Stored records
(* Let $n\ge 2$ and $1\le m\le n-1$ be integers, and let $\alpha=(\alpha_0,\dots,\alpha_m)$ and $\beta=(\beta_0,\dots,\beta_m)$ be sequences of complex numbers. Let $A = T^{(\alpha,m)} - H^{(\alpha,m)}$ and $B = T^{(\beta,m)} - H^{(\beta,m)}$, where $T^{(\xi,m)}$ and $H^{(\xi,m)}$ are the $n\times n$ matrices defined in the context. Assume that $B$ is invertible. Set $h = \frac{1}{n+1/2}$ and, for $j=1,\dots,n$, $$\lambda_j = \frac{\alpha_0 + 2\sum_{l=1}^{m}\alpha_l\cos(l j\pi h)}{\beta_0 + 2\sum_{l=1}^{m}\beta_l\cos(l j\pi h)},\qquad \boldsymbol{x}_j=(x_{j,1},\dots,x_{j,n})^T,\quad x_{j,k} = C\sin\!\big(j\pi(k-1/2)h\big),\ k=1,\dots,n,$$ where $C\neq 0$ is a constant. Then for every $j=1,\dots,n$, $(\lambda_j,\boldsymbol{x}_j)$ is an eigenpair of the generalised matrix eigenvalue problem $A\boldsymbol{x}=\lambda B\boldsymbol{x}$, i.e. $A\boldsymbol{x}_j=\lambda_j B\boldsymbol{x}_j$.
   Context: For a sequence $\xi=(\xi_0,\xi_1,\dots,\xi_m)$ of complex numbers and $m\le n-1$, $T^{(\xi,m)}\in\mathbb{C}^{n\times n}$ is the symmetric banded Toeplitz matrix with entries $T^{(\xi,m)}_{j,j+k}=\xi_{|k|}$ if $|k|\le m$ (for all $j$ and integers $k$ with $1\le j, j+k\le n$) and all other entries $0$. $H^{(\xi,m)}\in\mathbb{C}^{n\times n}$ is the Hankel-type matrix with entries: $H^{(\xi,m)}_{j,k}=\xi_{j+k-1}$ for $j=1,\dots,m$ and $k=1,\dots,m-j+1$ (upper-left corner); $H^{(\xi,m)}_{n-j+1,\,n-k+1}=\xi_{j+k}$ for $j=1,\dots,m-1$ and $k=1,\dots,m-j$ (lower-right corner; this part is empty when $m=1$); and all other entries $0$. For example, for $m=2$ the matrix $A=T^{(\alpha,2)}-H^{(\alpha,2)}$ has first row $(\alpha_0-\alpha_1,\ \alpha_1-\alpha_2,\ \alpha_2,0,\dots)$, second row $(\alpha_1-\alpha_2,\ \alpha_0,\ \alpha_1,\ \alpha_2,0,\dots)$, and last diagonal entry $\alpha_0-\alpha_2$, with all other entries as in $T^{(\alpha,2)}$. *)

From HB Require Import structures.
From mathcomp Require Import all_boot all_algebra.
From mathcomp Require Import reals trigo.
From mathcomp Require Export complex.
Set Implicit Arguments. Unset Strict Implicit. Unset Printing Implicit Defensive.
Import GRing.Theory Num.Theory.
Local Open Scope ring_scope.

(* Sequences xi = (xi_0,...,xi_m) are given as functions nat -> C; only the
   values xi_0..xi_m are ever used below. Matrices are indexed by 'I_n
   (0-based); r := i.+1, c := j.+1 are the paper's 1-based indices. *)

Definition toepT (C : pzRingType) (n m : nat) (xi : nat -> C) : 'M[C]_n :=
  \matrix_(i < n, j < n)
    let d := if (i <= j)%N then (j - i)%N else (i - j)%N in
    if (d <= m)%N then xi d else 0.

(* Hankel-type matrix H^(xi,m):
   H_{r,c} = xi_{r+c-1} for 1<=r<=m, 1<=c<=m-r+1 (upper-left corner);
   H_{n-a+1, n-b+1} = xi_{a+b} for 1<=a<=m-1, 1<=b<=m-a (lower-right corner);
   0 otherwise. (The two corners are disjoint.) *)
Definition hankH (C : pzRingType) (n m : nat) (xi : nat -> C) : 'M[C]_n :=
  \matrix_(i < n, j < n)
    let r := i.+1 in let c := j.+1 in
    let a := (n - r + 1)%N in let b := (n - c + 1)%N in
    if [&& (1 <= r <= m)%N & (1 <= c <= m - r + 1)%N] then xi (r + c - 1)%N
    else if [&& (1 <= a <= m - 1)%N & (1 <= b <= m - a)%N] then xi (a + b)%N
    else 0.

Definition symb (R : realType) (m : nat) (xi : nat -> R[i]) (theta : R) : R[i] :=
  xi 0%N + 2%:R * \sum_(1 <= l < m.+1) xi l * ((cos (l%:R * theta))%:C)%C.

From HB Require Import structures.
From mathcomp Require Import all_boot all_algebra.
From mathcomp Require Import reals trigo complex.
From mathcomp Require Import zify ring lra.
Import GRing.Theory Num.Theory.
Local Open Scope ring_scope.

(* Extend the candidate eigenvector to all of Z by f(t) = sin((t + 1/2) theta),
   theta = j pi h, so that (2n + 1) theta is a multiple of 2 pi.  Then f is odd
   about -1/2 and about n (in particular f(n) = 0).  In row i, the Toeplitz part
   sees f(i + l) and f(i - l) only when these indices lie in [0, n); the two
   Hankel corners contribute exactly the missing ones, reflected back into
   [0, n) with a sign that the oddness of f cancels.  Hence
   ((T - H) f)_i = xi_0 f(i) + sum_l xi_l (f(i + l) + f(i - l)) = symb(theta) f(i),
   by sin(x + y) + sin(x - y) = 2 cos y sin x.  So A and B act on x as the scalars
   symb alpha and symb beta, and when symb beta = 0 the invertibility of B
   forces x = 0. *)

Lemma sum_nat_delta (V : nmodType) (a b c : nat) (P : bool) (F : nat -> V) :
  \sum_(a <= l < b) F l *+ (P && (l == c)) = F c *+ (P && (a <= c < b)%N).
Proof.
case: P => /=; last by rewrite big1.
have [c_in | c_out] := boolP (a <= c < b)%N.
  rewrite (bigD1_seq c) ?mem_index_iota ?iota_uniq //= eqxx big1 ?addr0 //.
  by move=> l lc; rewrite (negbTE lc).
rewrite big1_seq // => l; rewrite mem_index_iota => l_in.
by case: eqP l_in => // ->; rewrite (negbTE c_out).
Qed.

Lemma sum_ord_delta_int (V : nmodType) (n : nat) (c : int) (f : int -> V) :
  \sum_(k < n) f k *+ (k == c :> int) = f c *+ ((0 <= c) && (c < n%:Z)).
Proof.
case: c => [c | c] /=; last by rewrite big1.
rewrite ltz_nat -(big_mkord xpredT (fun k => f k *+ (true && (k == c)))).
by rewrite sum_nat_delta.
Qed.

Lemma toepT_entry (C : pzRingType) (n m : nat) (xi : nat -> C) (i k : 'I_n) :
  toepT n m xi i k = xi 0%N *+ (k == i :> int) +
    \sum_(1 <= l < m.+1) (xi l *+ (k%:Z == i%:Z + l%:Z) + xi l *+ (k%:Z == i%:Z - l%:Z)).
Proof.
have up l : (k%:Z == i%:Z + l%:Z) = (i <= k)%N && (l == k - i)%N by apply/idP/idP; lia.
have down l : (k%:Z == i%:Z - l%:Z) = (k <= i)%N && (l == i - k)%N by apply/idP/idP; lia.
under eq_bigr do rewrite up down.
rewrite mxE big_split !sum_nat_delta /= ltnS.
case: (ltngtP i k) => [ik | ki | /val_inj ->]; last by rewrite eqxx subnn /= !addr0.
- rewrite eqz_nat gtn_eqF // !subn_gt0 ik /= mulr0n addr0 add0r.
  by case: ifP; rewrite ?mulr1n.
- rewrite eqz_nat ltn_eqF // !subn_gt0 ki ltnS /= mulr0n !add0r.
  by case: ifP; rewrite ?mulr1n.
Qed.

Lemma hankH_entry (C : pzRingType) (n m : nat) (xi : nat -> C) (i k : 'I_n) :
  (m <= n - 1)%N ->
  hankH n m xi i k = \sum_(1 <= l < m.+1)
    (xi l *+ (k%:Z == l%:Z - 1 - i%:Z) + xi l *+ (k%:Z == (n.*2)%:Z - i%:Z - l%:Z)).
Proof.
move=> le_m_n; have lt_i := ltn_ord i; have lt_k := ltn_ord k.
have upper_left l : (k%:Z == l%:Z - 1 - i%:Z) = true && (l == i + k + 1)%N.
  by apply/idP/idP; lia.
have lower_right l : (k%:Z == (n.*2)%:Z - i%:Z - l%:Z) =
    (i + k <= n.*2)%N && (l == n.*2 - (i + k))%N.
  by apply/idP/idP; lia.
under eq_bigr do rewrite upper_left lower_right.
rewrite mxE big_split !sum_nat_delta !mulrb /=.
(* The two corners are disjoint because m < n. *)
by repeat (case: ifP => ?); rewrite ?addr0 ?add0r //; try congr (xi _); lia.
Qed.

Lemma sum_ord_delta_mul (C : pzRingType) (n : nat) (y : C) (c : int) (f : int -> C) :
  \sum_(k < n) y *+ (k == c :> int) * f k = y * f c *+ ((0 <= c) && (c < n%:Z)).
Proof.
under eq_bigr do rewrite mulrnAl -mulrnAr.
by rewrite -mulr_sumr sum_ord_delta_int mulrnAr.
Qed.

Section ToeplitzMinusHankel.
Variables (C : pzRingType) (n m : nat) (xi : nat -> C) (f : int -> C).

Lemma toepT_mul_col (i : 'I_n) :
  (toepT n m xi *m \col_(k < n) f k) i 0 = xi 0%N * f i +
    \sum_(1 <= l < m.+1)
      xi l * (f (i%:Z + l%:Z) *+ (i + l < n)%N + f (i%:Z - l%:Z) *+ (l <= i)%N).
Proof.
rewrite mxE; under eq_bigr do rewrite toepT_entry mxE mulrDl mulr_suml.
rewrite big_split sum_ord_delta_mul exchange_big /=.
rewrite ltz_nat ltn_ord mulr1n; congr (_ + _); apply: eq_bigr => l _.
under eq_bigr do rewrite mulrDl.
rewrite big_split /= !sum_ord_delta_mul -!mulrnAr -mulrDr.
have lt_i := ltn_ord i.
by congr (_ * (_ *+ nat_of_bool _ + _ *+ nat_of_bool _)); apply/idP/idP; lia.
Qed.

Lemma hankH_mul_col (i : 'I_n) : (m <= n - 1)%N ->
  (hankH n m xi *m \col_(k < n) f k) i 0 = \sum_(1 <= l < m.+1)
    xi l * (f (l%:Z - 1 - i%:Z) *+ (i < l)%N
            + f ((n.*2)%:Z - i%:Z - l%:Z) *+ (n < i + l)%N).
Proof.
move=> le_m_n; rewrite mxE; under eq_bigr do rewrite hankH_entry // mxE mulr_suml.
rewrite exchange_big /=; apply: eq_big_nat => l /andP [_ le_l_m].
under eq_bigr do rewrite mulrDl.
rewrite big_split /= !sum_ord_delta_mul -!mulrnAr -mulrDr.
have lt_i := ltn_ord i.
by congr (_ * (_ *+ nat_of_bool _ + _ *+ nat_of_bool _)); apply/idP/idP; lia.
Qed.

Hypothesis le_m_n : (m <= n - 1)%N.
Hypothesis f_reflect_low : forall t, f (-1 - t) = - f t.
Hypothesis f_reflect_high : forall t, f ((n.*2)%:Z - t) = - f t.
Hypothesis f_at_n : f n = 0. (* not implied by [f_reflect_high] in characteristic 2 *)

Lemma toepT_sub_hankH_mul_col (i : 'I_n) :
  ((toepT n m xi - hankH n m xi) *m \col_(k < n) f k) i 0 =
    xi 0%N * f i + \sum_(1 <= l < m.+1) xi l * (f (i%:Z + l%:Z) + f (i%:Z - l%:Z)).
Proof.
rewrite mulmxBl mxE [X in _ + X = _]mxE toepT_mul_col hankH_mul_col //.
rewrite -addrA -sumrB; congr (_ + _).
apply: eq_bigr => l _; rewrite -mulrBr; congr (_ * _).
have -> : l%:Z - 1 - i%:Z = -1 - (i%:Z - l%:Z) by ring.
have -> : (n.*2)%:Z - i%:Z - l%:Z = (n.*2)%:Z - (i%:Z + l%:Z) by ring.
rewrite f_reflect_low f_reflect_high !mulNrn opprD !opprK.
case: (leqP l i) => _; case: (ltngtP (i + l) n) => [_ | _ | sum_n];
  rewrite ?mulr1n ?mulr0n ?addr0 ?add0r ?(addrC (f (i%:Z - l%:Z))) //.
all: by rewrite -PoszD sum_n f_at_n add0r.
Qed.

Variable c : nat -> C.
Hypothesis f_three_term : forall (t : int) (l : nat), f (t + l%:Z) + f (t - l%:Z) = c l * f t.

Lemma toepT_sub_hankH_eigen :
  (toepT n m xi - hankH n m xi) *m \col_(k < n) f k =
    (xi 0%N + \sum_(1 <= l < m.+1) xi l * c l) *: \col_(k < n) f k.
Proof.
apply/matrixP => i j; rewrite (ord1 j) toepT_sub_hankH_mul_col !mxE mulrDl mulr_suml.
by congr (_ + _); apply: eq_bigr => l _; rewrite f_three_term mulrA.
Qed.
End ToeplitzMinusHankel.

Lemma mulmx_eigen_ratio (F : fieldType) (n : nat) (A B : 'M[F]_n) (x : 'cV[F]_n)
    (a b : F) :
  B \in unitmx -> A *m x = a *: x -> B *m x = b *: x -> A *m x = (a / b) *: (B *m x).
Proof.
move=> B_unit Ax Bx; have [b0 | nz_b] := eqVneq b 0; last by rewrite Bx scalerA divfK.
have -> : x = 0 by rewrite -(mulKmx B_unit x) Bx b0 scale0r mulmx0.
by rewrite !mulmx0 scaler0.
Qed.

Section MidpointSine.
Context {R : realType}.

Definition midpoint_sin (theta : R) (t : int) : R := sin ((t%:~R + 2^-1) * theta).

Lemma midpoint_sin_reflect_low theta t :
  midpoint_sin theta (-1 - t) = - midpoint_sin theta t.
Proof. by rewrite /midpoint_sin -sinN intrB rmorphN1; congr sin; field. Qed.

Lemma midpoint_sin_three_term theta t (l : nat) :
  midpoint_sin theta (t + l%:Z) + midpoint_sin theta (t - l%:Z) =
    2 * cos (l%:R * theta) * midpoint_sin theta t.
Proof.
rewrite /midpoint_sin intrD intrB.
have -> : (t%:~R + l%:R + 2^-1) * theta = (t%:~R + 2^-1) * theta + l%:R * theta by ring.
have -> : (t%:~R - l%:R + 2^-1) * theta = (t%:~R + 2^-1) * theta - l%:R * theta by ring.
by rewrite sinD sinB; ring.
Qed.

Context {n j : nat} {theta : R}.
Hypothesis period : (n.*2.+1)%:R * theta = pi *+ 2 *+ j.

Lemma midpoint_sin_reflect_high t :
  midpoint_sin theta ((n.*2)%:Z - t) = - midpoint_sin theta t.
Proof.
rewrite /midpoint_sin -sinN intrB.
have -> : ((n.*2)%:~R - t%:~R + 2^-1) * theta = - ((t%:~R + 2^-1) * theta) + pi *+ 2 *+ j.
  by rewrite -period -natr1 /=; field.
by rewrite periodicn //; exact: sinD2pi.
Qed.

Lemma midpoint_sin_at_n : midpoint_sin theta n = 0.
Proof.
have := midpoint_sin_reflect_high n.
by rewrite (_ : (n.*2)%:Z - n%:Z = n%:Z); [lra | lia].
Qed.
End MidpointSine.

Lemma toepT_sub_hankH_midpoint_sin {R : realType} {n m j : nat} {theta : R}
    (xi : nat -> R[i]) :
  (m <= n - 1)%N -> (n.*2.+1)%:R * theta = pi *+ 2 *+ j ->
  (toepT n m xi - hankH n m xi) *m \col_(k < n) ((midpoint_sin theta k)%:C)%C =
    symb m xi theta *: \col_(k < n) ((midpoint_sin theta k)%:C)%C.
Proof.
move=> le_m_n period.
have -> : symb m xi theta =
    xi 0%N + \sum_(1 <= l < m.+1) xi l * ((2 * cos (l%:R * theta))%:C)%C.
  rewrite /symb mulr_sumr; congr (_ + _); apply: eq_bigr => l _.
  by rewrite rmorphM rmorph_nat mulrCA.
apply: (@toepT_sub_hankH_eigen _ n m xi (fun t => ((midpoint_sin theta t)%:C)%C))
  => // [t | t | | t l].
- by rewrite midpoint_sin_reflect_low rmorphN.
- by rewrite (midpoint_sin_reflect_high period) rmorphN.
- by rewrite (midpoint_sin_at_n period).
- by rewrite -rmorphD -rmorphM midpoint_sin_three_term.
Qed.

Theorem mainTheorem1 (R : realType) (n m : nat) (alpha beta : nat -> R[i]) (C : R[i]) :
  (2 <= n)%N -> (1 <= m)%N -> (m <= n - 1)%N ->
  (toepT n m beta - hankH n m beta) \in unitmx ->
  C != 0 ->
  let A := toepT n m alpha - hankH n m alpha in
  let B := toepT n m beta - hankH n m beta in
  let h : R := 1 / (n%:R + 1 / 2%:R) in
  forall j : nat, (1 <= j <= n)%N ->
    let lambda := symb m alpha (j%:R * pi * h) / symb m beta (j%:R * pi * h) in
    let x : 'cV[R[i]]_n :=
      \col_(k < n) (C * ((sin (j%:R * pi * (k.+1%:R - 1 / 2%:R) * h))%:C)%C) in
    A *m x = lambda *: (B *m x).
Proof.
move=> _ _ le_m_n B_unit _ A B h j _ lambda x.
set theta := j%:R * pi * h.
have n_ge0 : 0 <= n%:R :> R := ler0n R n.
have period : (n.*2.+1)%:R * theta = pi *+ 2 *+ j.
  by rewrite /theta /h -natr1 -muln2 natrM -mulrnA -[pi *+ _]mulr_natr natrM; field; lra.
set v := \col_(k < n) ((midpoint_sin theta k)%:C)%C.
have x_v : x = C *: v.
  apply/matrixP => k o; rewrite !mxE /midpoint_sin /theta /=.
  by congr (_ * (sin _)%:C)%C; rewrite -natr1; field; lra.
have eigen xi : (toepT n m xi - hankH n m xi) *m x = symb m xi theta *: x.
  by rewrite x_v -scalemxAr (toepT_sub_hankH_midpoint_sin xi le_m_n period) !scalerA mulrC.
rewrite /A /B /lambda -/theta.
exact: mulmx_eigen_ratio.
Qed.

Task to complete: Only those lines of the entries above that run from the line containing "let r := i.+1 in let c := j.+1 in" to the line containing "Lemma sum_ord_delta_int (V", both included, should be transcribed exactly.

Task solution:
    let r := i.+1 in let c := j.+1 in
    let a := (n - r + 1)%N in let b := (n - c + 1)%N in
    if [&& (1 <= r <= m)%N & (1 <= c <= m - r + 1)%N] then xi (r + c - 1)%N
    else if [&& (1 <= a <= m - 1)%N & (1 <= b <= m - a)%N] then xi (a + b)%N
    else 0.

Definition symb (R : realType) (m : nat) (xi : nat -> R[i]) (theta : R) : R[i] :=
  xi 0%N + 2%:R * \sum_(1 <= l < m.+1) xi l * ((cos (l%:R * theta))%:C)%C.

From HB Require Import structures.
From mathcomp Require Import all_boot all_algebra.
From mathcomp Require Import reals trigo complex.
From mathcomp Require Import zify ring lra.
Import GRing.Theory Num.Theory.
Local Open Scope ring_scope.

(* Extend the candidate eigenvector to all of Z by f(t) = sin((t + 1/2) theta),
   theta = j pi h, so that (2n + 1) theta is a multiple of 2 pi.  Then f is odd
   about -1/2 and about n (in particular f(n) = 0).  In row i, the Toeplitz part
   sees f(i + l) and f(i - l) only when these indices lie in [0, n); the two
   Hankel corners contribute exactly the missing ones, reflected back into
   [0, n) with a sign that the oddness of f cancels.  Hence
   ((T - H) f)_i = xi_0 f(i) + sum_l xi_l (f(i + l) + f(i - l)) = symb(theta) f(i),
   by sin(x + y) + sin(x - y) = 2 cos y sin x.  So A and B act on x as the scalars
   symb alpha and symb beta, and when symb beta = 0 the invertibility of B
   forces x = 0. *)

Lemma sum_nat_delta (V : nmodType) (a b c : nat) (P : bool) (F : nat -> V) :
  \sum_(a <= l < b) F l *+ (P && (l == c)) = F c *+ (P && (a <= c < b)%N).
Proof.
case: P => /=; last by rewrite big1.
have [c_in | c_out] := boolP (a <= c < b)%N.
  rewrite (bigD1_seq c) ?mem_index_iota ?iota_uniq //= eqxx big1 ?addr0 //.
  by move=> l lc; rewrite (negbTE lc).
rewrite big1_seq // => l; rewrite mem_index_iota => l_in.
by case: eqP l_in => // ->; rewrite (negbTE c_out).
Qed.

Lemma sum_ord_delta_int (V : nmodType) (n : nat) (c : int) (f : int -> V) :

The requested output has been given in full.